## [What to produce]
Write out, word for word, every line in the data below from the one containing "subseq t s." to the one containing "Definition digit_word n", both of them included.

Dataset entries
--

(* Let $k\ge2$ and $\ell\ge1$. Then $D_k(\ell)\ge (k+1)k^{\ell/2-1}-1$ if $\ell$ is even, and $D_k(\ell)\ge 2k^{(\ell-1)/2}-1$ if $\ell$ is odd.
   Context: Labeled chip-firing on the infinite rooted directed $k$-ary tree (each vertex has $k$ children ordered left to right, root on layer $1$): a vertex with at least $k$ chips may fire by choosing any $k$ of its chips and sending the $i$-th smallest label among them to its $i$-th leftmost child; a configuration is stable when no vertex has $\ge k$ chips. Starting with $k^\ell$ chips labeled $1,\dots,k^\ell$ at the root, every stable configuration has exactly one chip on each vertex of layer $\ell+1$ and none elsewhere, and is identified with the permutation of labels read left to right on layer $\ell+1$. $D_k(\ell)$ denotes the maximum, over all reachable stable configurations, of the length of the longest strictly decreasing subsequence of the corresponding permutation. *)

From Stdlib Require Import Relations.
From mathcomp Require Import all_boot.
Set Implicit Arguments. Unset Strict Implicit. Unset Printing Implicit Defensive.

(* Vertices of the infinite rooted k-ary tree: the root is [::]; the vertex
   [:: i1; ...; in] (each i_j < k) is reached from the root by taking child
   i1, then i2, ... (children indexed 0..k-1 from left to right).  The vertex
   v lies on layer (size v).+1; its i-th leftmost child is rcons v i. *)
Definition vertex := seq nat.

Definition config := vertex -> seq nat.

Definition init_config (k l : nat) : config :=
  fun v => if v == [::] then iota 1 (k ^ l) else [::].

Definition fire_step (k : nat) (C C' : config) : Prop :=
  exists (v : vertex) (S R : seq nat),
    [/\ size S = k, perm_eq (C v) (S ++ R),
        C' v = R,
        (forall i, i < k -> C' (rcons v i) = nth 0 (sort leq S) i :: C (rcons v i))
      & (forall w, w != v -> (forall i, i < k -> w != rcons v i) -> C' w = C w)].

Definition reachable (k l : nat) (C : config) : Prop :=
  clos_refl_trans config (fire_step k) (init_config k l) C.

Definition stable (k : nat) (C : config) : Prop := forall v, size (C v) < k.

Fixpoint layer_words (k n : nat) : seq vertex :=
  if n is n'.+1 then [seq i :: w | i <- iota 0 k, w <- layer_words k n'] else [:: [::]].

(* The permutation associated with a stable configuration: labels read left
   to right on layer l+1 (each such vertex carries exactly one chip). *)
Definition config_perm (k l : nat) (C : config) : seq nat :=
  [seq head 0 (C v) | v <- layer_words k l].

Definition lds (p : seq nat) : nat :=
  \max_(m : (size p).-tuple bool | sorted gtn (mask m p)) size (mask m p).

From Stdlib Require Import Relations Lia.
From mathcomp Require Import all_boot all_order zify.
Set Implicit Arguments. Unset Strict Implicit. Unset Printing Implicit Defensive.
Import Order.TTheory.

(* Firing the chips of a vertex k at a time, smallest first, turns an arithmetic
   progression a + b m of labels at v into the progressions (a + b i) + (b k) m at
   its children i.  Starting from 1, ..., k^l at the root, this reaches the
   configuration in which the leaf reached by the children d_1, ..., d_l carries
   1 + d_1 + d_2 k + ... + d_l k^(l-1).  Leaves are read in lexicographic order of
   their digit words, so a decreasing subsequence is a lexicographically increasing
   list of words whose values decrease.  From such a list of s words of length n
   one gets k s + k - 1 words of length n + 2: wrap it in first digit a and last
   digit k-1-a for a = 0, ..., k-1, and put the word (a, 0, ..., 0, k-a) before the
   a-th block for a > 0 (this needs the inner words to be nonzero).  Starting
   from [1] and from the k words (a, k-1-a) gives
   2 k^p - 1 and (k+1) k^p - 1 words of lengths 2p+1 and 2p+2. *)

Definition lexlt : rel (seq nat) := <%O : rel (seqlexi nat).

Lemma lexlt_cons x u y v : lexlt (x :: u) (y :: v) = (x < y) || (x == y) && lexlt u v.
Proof. by rewrite /lexlt /= [X in X = _]ltxi_cons !leEnat; case: ltngtP. Qed.

Lemma lexlt_irr : irreflexive lexlt.
Proof. exact: (@ltxx _ (seqlexi nat)). Qed.

Lemma lexlt_trans : transitive lexlt.
Proof. exact: (@lt_trans _ (seqlexi nat)). Qed.

Lemma lexlt_cat u v x y : size u = size v -> lexlt u v -> lexlt (u ++ x) (v ++ y).
Proof.
elim: u v => [|a u IH] [|b v] //= [e]; rewrite !lexlt_cons => /orP[->//|/andP[-> h]].
by rewrite IH ?orbT.
Qed.

Lemma lexlt_nseq0 u : has (predC1 0) u -> lexlt (nseq (size u) 0) u.
Proof. by elim: u => [|[|a] u IH] //=; rewrite lexlt_cons. Qed.

Lemma subseq_sorted_subset (T : eqType) (r : rel T) (s t : seq T) :
  irreflexive r -> transitive r -> sorted r s -> sorted r t -> {subset t <= s} ->
  subseq t s.
Proof.
move=> r_irr r_tr s_sorted t_sorted t_sub.
apply/(subseq_uniqP (sorted_uniq r_tr r_irr s_sorted)).
apply: (irr_sorted_eq r_tr r_irr t_sorted (sorted_filter r_tr _ s_sorted)) => x.
by rewrite mem_filter; case: (boolP (x \in t)) => // /t_sub.
Qed.

Lemma prefix_rcons_cat (T : eqType) (v u : seq T) (c i : T) :
  prefix (rcons v c) (rcons v i ++ u) = (c == i).
Proof.
by rewrite -[rcons v c]cats0 prefix_catr ?size_rcons // eqseq_rcons eqxx prefix0s andbT.
Qed.

Lemma rcons_cat_neq (T : eqType) (v u : seq T) (i : T) : (rcons v i ++ u == v) = false.
Proof. by apply/eqP => /(congr1 size); rewrite size_cat size_rcons; lia. Qed.

Lemma leq_lds p q : subseq q p -> sorted gtn q -> size q <= lds p.
Proof.
case/subseqP=> m size_m -> m_sorted.
have m_tuple : size m == size p by rewrite size_m.
exact: (@leq_bigmax_cond _ (fun t : (size p).-tuple bool => sorted gtn (mask t p))
  (fun t => size (mask t p)) (Tuple m_tuple)).
Qed.

Section DigitWords.
Variable k : nat.

Definition digit_word n (w : seq nat) := (size w == n) && all (gtn k) w.

(* The first digit is the least significant one. *)
Definition wordval (w : seq nat) := foldr (fun d acc => d + k * acc) 0 w.

Lemma wordval_rcons u d : wordval (rcons u d) = wordval u + k ^ size u * d.
Proof. by elim: u => [|x u IH] /=; rewrite ?IH ?expnS; lia. Qed.

Lemma wordval_cons_rcons a b u : wordval (a :: rcons u b) = a + k * (wordval u + k ^ size u * b).
Proof. by rewrite /= wordval_rcons. Qed.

--

## [Solution for this problem]
  subseq t s.
Proof.
move=> r_irr r_tr s_sorted t_sorted t_sub.
apply/(subseq_uniqP (sorted_uniq r_tr r_irr s_sorted)).
apply: (irr_sorted_eq r_tr r_irr t_sorted (sorted_filter r_tr _ s_sorted)) => x.
by rewrite mem_filter; case: (boolP (x \in t)) => // /t_sub.
Qed.

Lemma prefix_rcons_cat (T : eqType) (v u : seq T) (c i : T) :
  prefix (rcons v c) (rcons v i ++ u) = (c == i).
Proof.
by rewrite -[rcons v c]cats0 prefix_catr ?size_rcons // eqseq_rcons eqxx prefix0s andbT.
Qed.

Lemma rcons_cat_neq (T : eqType) (v u : seq T) (i : T) : (rcons v i ++ u == v) = false.
Proof. by apply/eqP => /(congr1 size); rewrite size_cat size_rcons; lia. Qed.

Lemma leq_lds p q : subseq q p -> sorted gtn q -> size q <= lds p.
Proof.
case/subseqP=> m size_m -> m_sorted.
have m_tuple : size m == size p by rewrite size_m.
exact: (@leq_bigmax_cond _ (fun t : (size p).-tuple bool => sorted gtn (mask t p))
  (fun t => size (mask t p)) (Tuple m_tuple)).
Qed.

Section DigitWords.
Variable k : nat.

Definition digit_word n (w : seq nat) := (size w == n) && all (gtn k) w.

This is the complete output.